## Your instructions
Given the records below, would you repeat exactly the lines that begin at the one containing "assert (He : 0 < exp 1) by apply exp_pos." and end at the one containing "Lemma avg_power_exp_ratio", inclusive?

## Recorded data

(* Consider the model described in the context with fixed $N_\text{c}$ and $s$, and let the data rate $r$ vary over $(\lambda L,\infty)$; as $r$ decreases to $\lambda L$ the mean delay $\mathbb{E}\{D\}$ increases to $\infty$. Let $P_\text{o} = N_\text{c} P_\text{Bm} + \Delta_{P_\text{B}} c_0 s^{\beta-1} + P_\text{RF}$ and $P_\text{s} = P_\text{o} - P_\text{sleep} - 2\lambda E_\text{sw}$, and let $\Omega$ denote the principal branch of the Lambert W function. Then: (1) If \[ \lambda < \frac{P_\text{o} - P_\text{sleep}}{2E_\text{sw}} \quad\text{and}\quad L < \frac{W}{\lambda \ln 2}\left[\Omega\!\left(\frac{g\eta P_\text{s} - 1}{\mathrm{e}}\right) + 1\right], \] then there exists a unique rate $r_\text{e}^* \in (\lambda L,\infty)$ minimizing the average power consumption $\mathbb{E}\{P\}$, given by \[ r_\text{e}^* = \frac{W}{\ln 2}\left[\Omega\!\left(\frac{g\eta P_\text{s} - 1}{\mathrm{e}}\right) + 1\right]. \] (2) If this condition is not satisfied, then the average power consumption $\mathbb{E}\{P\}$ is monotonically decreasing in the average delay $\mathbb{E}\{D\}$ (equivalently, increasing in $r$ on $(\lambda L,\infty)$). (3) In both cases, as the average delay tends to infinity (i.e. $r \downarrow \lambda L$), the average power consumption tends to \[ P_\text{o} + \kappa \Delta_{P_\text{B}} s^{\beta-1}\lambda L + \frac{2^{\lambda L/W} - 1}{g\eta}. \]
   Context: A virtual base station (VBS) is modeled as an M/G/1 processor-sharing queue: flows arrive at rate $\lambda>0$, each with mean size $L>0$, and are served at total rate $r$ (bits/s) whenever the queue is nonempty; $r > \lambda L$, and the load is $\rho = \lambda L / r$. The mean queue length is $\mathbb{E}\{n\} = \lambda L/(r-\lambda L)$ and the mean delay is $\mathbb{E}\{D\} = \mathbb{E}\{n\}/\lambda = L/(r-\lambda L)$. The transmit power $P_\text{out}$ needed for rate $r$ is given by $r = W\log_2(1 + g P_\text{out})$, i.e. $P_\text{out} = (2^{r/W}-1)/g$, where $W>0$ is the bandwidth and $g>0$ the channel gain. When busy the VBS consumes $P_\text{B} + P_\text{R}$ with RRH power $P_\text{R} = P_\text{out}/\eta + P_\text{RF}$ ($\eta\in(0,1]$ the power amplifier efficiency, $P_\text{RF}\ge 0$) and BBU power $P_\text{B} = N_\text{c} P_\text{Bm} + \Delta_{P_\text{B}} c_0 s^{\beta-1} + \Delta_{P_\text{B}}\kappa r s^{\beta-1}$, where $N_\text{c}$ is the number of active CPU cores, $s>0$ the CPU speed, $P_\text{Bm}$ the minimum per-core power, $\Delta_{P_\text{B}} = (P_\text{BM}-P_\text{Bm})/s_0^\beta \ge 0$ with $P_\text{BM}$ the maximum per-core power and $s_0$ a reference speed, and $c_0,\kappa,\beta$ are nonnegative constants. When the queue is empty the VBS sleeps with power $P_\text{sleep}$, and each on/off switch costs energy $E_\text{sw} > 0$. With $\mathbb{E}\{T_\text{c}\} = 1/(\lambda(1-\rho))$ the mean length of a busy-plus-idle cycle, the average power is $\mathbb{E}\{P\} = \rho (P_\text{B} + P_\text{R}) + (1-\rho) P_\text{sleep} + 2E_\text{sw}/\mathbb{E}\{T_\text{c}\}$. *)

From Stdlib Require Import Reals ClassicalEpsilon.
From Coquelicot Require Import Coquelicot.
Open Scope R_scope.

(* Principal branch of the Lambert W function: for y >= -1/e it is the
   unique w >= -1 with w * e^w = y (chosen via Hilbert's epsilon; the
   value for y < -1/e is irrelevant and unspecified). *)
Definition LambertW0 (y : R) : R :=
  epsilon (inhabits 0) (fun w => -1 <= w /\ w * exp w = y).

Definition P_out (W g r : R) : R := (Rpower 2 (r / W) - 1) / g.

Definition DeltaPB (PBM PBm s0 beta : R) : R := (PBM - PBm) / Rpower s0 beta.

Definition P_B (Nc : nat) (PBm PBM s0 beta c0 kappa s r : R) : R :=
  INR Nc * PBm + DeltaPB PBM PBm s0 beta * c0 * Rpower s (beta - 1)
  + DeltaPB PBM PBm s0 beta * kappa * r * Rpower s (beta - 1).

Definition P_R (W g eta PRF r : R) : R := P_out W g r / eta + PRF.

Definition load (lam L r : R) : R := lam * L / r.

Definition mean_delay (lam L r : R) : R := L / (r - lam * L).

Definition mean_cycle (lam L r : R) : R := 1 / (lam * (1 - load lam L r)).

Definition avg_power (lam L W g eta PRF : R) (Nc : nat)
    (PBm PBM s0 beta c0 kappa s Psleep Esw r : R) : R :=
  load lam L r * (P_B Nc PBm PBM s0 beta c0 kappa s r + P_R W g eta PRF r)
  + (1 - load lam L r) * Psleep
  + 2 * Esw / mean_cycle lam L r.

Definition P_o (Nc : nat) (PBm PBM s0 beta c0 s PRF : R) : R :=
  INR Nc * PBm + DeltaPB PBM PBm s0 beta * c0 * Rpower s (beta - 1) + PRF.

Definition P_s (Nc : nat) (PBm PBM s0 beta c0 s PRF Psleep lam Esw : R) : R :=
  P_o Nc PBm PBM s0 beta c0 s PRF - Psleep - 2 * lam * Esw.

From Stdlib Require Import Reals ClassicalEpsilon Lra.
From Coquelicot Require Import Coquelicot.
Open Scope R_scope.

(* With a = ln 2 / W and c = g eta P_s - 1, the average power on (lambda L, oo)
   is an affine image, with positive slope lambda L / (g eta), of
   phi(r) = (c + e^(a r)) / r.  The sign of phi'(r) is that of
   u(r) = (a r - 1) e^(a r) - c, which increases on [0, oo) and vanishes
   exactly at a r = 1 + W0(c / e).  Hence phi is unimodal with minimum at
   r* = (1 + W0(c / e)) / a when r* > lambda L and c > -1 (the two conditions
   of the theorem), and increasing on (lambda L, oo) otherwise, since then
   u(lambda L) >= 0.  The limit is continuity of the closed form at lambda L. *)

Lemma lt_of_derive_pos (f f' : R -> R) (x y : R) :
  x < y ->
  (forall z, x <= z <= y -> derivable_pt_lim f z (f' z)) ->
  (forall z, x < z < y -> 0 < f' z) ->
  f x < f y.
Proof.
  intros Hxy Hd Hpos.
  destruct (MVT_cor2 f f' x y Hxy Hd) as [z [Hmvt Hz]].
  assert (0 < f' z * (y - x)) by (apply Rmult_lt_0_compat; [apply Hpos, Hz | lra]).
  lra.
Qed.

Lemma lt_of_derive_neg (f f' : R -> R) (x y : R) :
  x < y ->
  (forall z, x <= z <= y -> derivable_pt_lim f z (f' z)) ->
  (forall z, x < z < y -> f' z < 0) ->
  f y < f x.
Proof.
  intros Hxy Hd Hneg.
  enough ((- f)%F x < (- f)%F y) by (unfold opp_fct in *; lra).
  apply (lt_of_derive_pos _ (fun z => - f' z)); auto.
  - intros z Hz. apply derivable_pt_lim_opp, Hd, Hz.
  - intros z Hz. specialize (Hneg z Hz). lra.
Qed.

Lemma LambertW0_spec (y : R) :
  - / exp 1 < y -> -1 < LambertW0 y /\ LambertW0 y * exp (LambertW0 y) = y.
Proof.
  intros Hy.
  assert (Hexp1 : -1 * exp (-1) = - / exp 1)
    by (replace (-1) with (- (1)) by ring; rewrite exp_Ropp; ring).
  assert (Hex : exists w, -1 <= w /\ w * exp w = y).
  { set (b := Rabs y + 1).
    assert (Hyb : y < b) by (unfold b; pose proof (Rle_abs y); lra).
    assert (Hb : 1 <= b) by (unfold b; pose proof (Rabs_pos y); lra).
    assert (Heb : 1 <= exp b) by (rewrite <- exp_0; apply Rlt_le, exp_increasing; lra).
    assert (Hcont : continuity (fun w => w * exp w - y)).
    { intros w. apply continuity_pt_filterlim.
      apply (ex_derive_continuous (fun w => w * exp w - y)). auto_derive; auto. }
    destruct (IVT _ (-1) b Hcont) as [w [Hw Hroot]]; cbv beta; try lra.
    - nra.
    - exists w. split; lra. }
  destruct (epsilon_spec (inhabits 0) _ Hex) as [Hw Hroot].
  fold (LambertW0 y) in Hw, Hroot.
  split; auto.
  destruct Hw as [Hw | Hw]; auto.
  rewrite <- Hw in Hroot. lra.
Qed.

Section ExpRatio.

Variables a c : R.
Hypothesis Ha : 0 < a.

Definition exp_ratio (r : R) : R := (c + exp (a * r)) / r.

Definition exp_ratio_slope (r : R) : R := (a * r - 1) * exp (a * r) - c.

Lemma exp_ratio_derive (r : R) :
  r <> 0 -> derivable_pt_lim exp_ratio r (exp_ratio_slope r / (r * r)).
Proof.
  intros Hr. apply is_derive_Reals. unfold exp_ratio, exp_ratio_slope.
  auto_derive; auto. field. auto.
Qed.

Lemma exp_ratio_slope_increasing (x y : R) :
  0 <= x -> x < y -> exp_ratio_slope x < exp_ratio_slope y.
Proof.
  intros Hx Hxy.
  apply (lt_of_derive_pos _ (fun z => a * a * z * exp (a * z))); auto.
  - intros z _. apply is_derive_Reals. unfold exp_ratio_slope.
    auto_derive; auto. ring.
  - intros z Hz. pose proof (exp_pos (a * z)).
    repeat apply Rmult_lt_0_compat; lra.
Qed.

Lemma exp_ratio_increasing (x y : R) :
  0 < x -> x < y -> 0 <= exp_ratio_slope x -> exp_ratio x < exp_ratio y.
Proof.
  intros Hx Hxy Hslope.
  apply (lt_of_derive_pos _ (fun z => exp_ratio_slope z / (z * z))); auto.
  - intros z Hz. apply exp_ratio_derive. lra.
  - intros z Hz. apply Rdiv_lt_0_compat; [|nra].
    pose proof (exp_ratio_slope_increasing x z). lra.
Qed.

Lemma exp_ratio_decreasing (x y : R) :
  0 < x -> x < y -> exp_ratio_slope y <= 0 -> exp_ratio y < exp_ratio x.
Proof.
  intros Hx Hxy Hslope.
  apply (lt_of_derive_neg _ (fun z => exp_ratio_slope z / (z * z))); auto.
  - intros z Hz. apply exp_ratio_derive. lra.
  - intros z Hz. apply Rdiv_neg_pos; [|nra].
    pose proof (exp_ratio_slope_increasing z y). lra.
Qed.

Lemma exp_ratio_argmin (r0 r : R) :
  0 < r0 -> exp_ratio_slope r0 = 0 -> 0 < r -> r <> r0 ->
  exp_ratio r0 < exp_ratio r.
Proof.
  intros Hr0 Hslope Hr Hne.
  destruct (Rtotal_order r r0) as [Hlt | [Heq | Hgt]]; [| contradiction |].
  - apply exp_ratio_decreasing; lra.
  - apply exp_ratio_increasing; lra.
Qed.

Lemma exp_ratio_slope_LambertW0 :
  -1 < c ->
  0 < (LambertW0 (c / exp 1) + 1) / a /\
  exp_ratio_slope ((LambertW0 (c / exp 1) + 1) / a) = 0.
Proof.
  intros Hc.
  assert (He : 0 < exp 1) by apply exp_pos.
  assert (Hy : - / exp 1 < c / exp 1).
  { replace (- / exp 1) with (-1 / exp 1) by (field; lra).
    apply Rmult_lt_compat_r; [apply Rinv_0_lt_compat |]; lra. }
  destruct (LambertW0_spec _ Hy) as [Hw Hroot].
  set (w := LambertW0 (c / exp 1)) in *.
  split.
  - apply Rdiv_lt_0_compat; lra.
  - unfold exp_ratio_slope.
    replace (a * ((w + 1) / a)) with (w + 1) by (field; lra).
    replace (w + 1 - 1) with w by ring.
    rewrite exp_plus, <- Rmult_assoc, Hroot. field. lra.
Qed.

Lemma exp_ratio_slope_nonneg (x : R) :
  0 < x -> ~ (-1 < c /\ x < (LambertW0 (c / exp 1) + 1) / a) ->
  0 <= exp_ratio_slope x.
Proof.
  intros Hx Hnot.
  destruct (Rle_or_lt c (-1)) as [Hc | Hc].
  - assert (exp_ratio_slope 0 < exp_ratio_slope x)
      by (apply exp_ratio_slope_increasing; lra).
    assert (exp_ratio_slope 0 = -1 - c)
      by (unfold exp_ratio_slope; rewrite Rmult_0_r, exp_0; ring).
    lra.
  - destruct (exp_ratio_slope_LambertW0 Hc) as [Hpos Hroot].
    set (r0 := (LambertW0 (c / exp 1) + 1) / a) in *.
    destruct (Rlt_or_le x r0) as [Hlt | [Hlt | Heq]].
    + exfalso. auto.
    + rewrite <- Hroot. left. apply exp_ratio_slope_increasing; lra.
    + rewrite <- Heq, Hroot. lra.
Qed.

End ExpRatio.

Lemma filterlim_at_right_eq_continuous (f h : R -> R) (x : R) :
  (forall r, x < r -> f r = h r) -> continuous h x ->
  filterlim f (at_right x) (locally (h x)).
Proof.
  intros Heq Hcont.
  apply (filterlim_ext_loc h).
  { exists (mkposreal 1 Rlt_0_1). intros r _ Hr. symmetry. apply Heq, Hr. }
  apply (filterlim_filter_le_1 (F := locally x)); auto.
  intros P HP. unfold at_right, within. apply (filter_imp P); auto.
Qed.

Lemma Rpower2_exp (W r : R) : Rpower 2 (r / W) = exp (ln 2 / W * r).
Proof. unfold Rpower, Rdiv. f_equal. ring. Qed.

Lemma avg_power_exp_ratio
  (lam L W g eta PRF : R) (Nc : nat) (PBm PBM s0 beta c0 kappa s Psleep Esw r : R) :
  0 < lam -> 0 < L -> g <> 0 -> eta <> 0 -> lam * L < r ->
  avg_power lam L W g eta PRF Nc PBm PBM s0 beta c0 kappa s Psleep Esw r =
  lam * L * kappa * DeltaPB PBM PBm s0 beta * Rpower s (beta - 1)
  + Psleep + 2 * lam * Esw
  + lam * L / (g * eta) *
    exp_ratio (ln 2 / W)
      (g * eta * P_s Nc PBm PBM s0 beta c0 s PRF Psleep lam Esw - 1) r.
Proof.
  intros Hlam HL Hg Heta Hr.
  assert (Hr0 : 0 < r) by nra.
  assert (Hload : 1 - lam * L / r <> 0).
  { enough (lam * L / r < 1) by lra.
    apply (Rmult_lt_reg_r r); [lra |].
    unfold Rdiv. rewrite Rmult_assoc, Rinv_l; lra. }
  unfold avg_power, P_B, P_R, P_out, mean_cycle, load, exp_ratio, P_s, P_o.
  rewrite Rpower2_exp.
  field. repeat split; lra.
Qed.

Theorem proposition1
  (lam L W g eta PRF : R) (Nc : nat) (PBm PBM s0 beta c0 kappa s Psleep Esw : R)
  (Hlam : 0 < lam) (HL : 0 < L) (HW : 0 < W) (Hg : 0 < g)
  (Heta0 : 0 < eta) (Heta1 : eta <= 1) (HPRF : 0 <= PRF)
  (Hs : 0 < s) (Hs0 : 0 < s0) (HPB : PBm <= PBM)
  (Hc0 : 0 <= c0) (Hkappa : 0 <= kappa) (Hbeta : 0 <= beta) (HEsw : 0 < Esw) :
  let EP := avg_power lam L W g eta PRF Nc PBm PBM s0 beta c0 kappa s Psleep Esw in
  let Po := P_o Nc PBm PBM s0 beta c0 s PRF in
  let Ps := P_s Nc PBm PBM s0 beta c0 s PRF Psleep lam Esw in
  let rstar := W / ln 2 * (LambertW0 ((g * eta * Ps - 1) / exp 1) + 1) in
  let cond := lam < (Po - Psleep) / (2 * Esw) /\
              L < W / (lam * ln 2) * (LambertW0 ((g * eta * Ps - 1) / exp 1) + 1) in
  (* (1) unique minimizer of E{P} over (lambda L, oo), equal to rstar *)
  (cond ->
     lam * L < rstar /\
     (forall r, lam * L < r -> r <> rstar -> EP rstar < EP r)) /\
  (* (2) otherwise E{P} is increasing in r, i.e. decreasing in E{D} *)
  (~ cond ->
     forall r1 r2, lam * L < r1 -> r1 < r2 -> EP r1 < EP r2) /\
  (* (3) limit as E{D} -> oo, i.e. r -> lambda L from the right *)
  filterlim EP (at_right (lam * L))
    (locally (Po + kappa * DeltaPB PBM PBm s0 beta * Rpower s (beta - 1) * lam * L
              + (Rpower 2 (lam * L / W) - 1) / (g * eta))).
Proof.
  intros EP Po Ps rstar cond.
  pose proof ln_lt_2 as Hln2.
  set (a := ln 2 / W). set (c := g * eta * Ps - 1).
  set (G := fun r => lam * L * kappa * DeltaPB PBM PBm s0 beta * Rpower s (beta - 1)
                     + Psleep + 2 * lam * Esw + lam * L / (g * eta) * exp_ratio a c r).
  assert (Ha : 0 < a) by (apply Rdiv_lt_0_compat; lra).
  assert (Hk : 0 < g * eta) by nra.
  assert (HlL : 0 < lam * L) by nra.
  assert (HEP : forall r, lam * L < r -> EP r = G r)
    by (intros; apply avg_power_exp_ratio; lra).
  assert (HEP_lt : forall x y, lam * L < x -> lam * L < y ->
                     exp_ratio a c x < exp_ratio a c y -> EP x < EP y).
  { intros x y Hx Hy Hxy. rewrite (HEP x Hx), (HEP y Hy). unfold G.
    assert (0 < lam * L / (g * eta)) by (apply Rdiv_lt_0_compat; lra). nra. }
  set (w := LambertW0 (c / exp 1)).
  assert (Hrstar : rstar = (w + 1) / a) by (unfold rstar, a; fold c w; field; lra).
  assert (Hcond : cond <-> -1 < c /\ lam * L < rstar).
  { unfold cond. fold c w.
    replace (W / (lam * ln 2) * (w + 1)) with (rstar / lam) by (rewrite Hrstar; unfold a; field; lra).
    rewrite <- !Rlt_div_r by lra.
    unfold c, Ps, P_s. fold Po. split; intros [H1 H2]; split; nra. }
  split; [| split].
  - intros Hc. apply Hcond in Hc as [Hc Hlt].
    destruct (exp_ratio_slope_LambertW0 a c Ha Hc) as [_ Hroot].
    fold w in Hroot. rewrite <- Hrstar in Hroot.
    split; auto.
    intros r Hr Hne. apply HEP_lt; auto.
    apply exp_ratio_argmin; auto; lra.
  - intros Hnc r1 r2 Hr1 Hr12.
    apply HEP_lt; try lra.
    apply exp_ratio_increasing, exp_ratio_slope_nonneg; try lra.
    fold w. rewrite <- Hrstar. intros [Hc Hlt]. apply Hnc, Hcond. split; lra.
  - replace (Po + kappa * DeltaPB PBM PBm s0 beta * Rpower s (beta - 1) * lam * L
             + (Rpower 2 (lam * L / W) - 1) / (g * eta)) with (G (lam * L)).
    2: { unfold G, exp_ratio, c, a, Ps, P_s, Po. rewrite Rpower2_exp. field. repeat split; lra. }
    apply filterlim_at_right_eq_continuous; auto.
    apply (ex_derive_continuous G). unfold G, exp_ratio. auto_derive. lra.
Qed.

## Response below
  assert (He : 0 < exp 1) by apply exp_pos.
  assert (Hy : - / exp 1 < c / exp 1).
  { replace (- / exp 1) with (-1 / exp 1) by (field; lra).
    apply Rmult_lt_compat_r; [apply Rinv_0_lt_compat |]; lra. }
  destruct (LambertW0_spec _ Hy) as [Hw Hroot].
  set (w := LambertW0 (c / exp 1)) in *.
  split.
  - apply Rdiv_lt_0_compat; lra.
  - unfold exp_ratio_slope.
    replace (a * ((w + 1) / a)) with (w + 1) by (field; lra).
    replace (w + 1 - 1) with w by ring.
    rewrite exp_plus, <- Rmult_assoc, Hroot. field. lra.
Qed.

Lemma exp_ratio_slope_nonneg (x : R) :
  0 < x -> ~ (-1 < c /\ x < (LambertW0 (c / exp 1) + 1) / a) ->
  0 <= exp_ratio_slope x.
Proof.
  intros Hx Hnot.
  destruct (Rle_or_lt c (-1)) as [Hc | Hc].
  - assert (exp_ratio_slope 0 < exp_ratio_slope x)
      by (apply exp_ratio_slope_increasing; lra).
    assert (exp_ratio_slope 0 = -1 - c)
      by (unfold exp_ratio_slope; rewrite Rmult_0_r, exp_0; ring).
    lra.
  - destruct (exp_ratio_slope_LambertW0 Hc) as [Hpos Hroot].
    set (r0 := (LambertW0 (c / exp 1) + 1) / a) in *.
    destruct (Rlt_or_le x r0) as [Hlt | [Hlt | Heq]].
    + exfalso. auto.
    + rewrite <- Hroot. left. apply exp_ratio_slope_increasing; lra.
    + rewrite <- Heq, Hroot. lra.
Qed.

End ExpRatio.

Lemma filterlim_at_right_eq_continuous (f h : R -> R) (x : R) :
  (forall r, x < r -> f r = h r) -> continuous h x ->
  filterlim f (at_right x) (locally (h x)).
Proof.
  intros Heq Hcont.
  apply (filterlim_ext_loc h).
  { exists (mkposreal 1 Rlt_0_1). intros r _ Hr. symmetry. apply Heq, Hr. }
  apply (filterlim_filter_le_1 (F := locally x)); auto.
  intros P HP. unfold at_right, within. apply (filter_imp P); auto.
Qed.

Lemma Rpower2_exp (W r : R) : Rpower 2 (r / W) = exp (ln 2 / W * r).
Proof. unfold Rpower, Rdiv. f_equal. ring. Qed.

Lemma avg_power_exp_ratio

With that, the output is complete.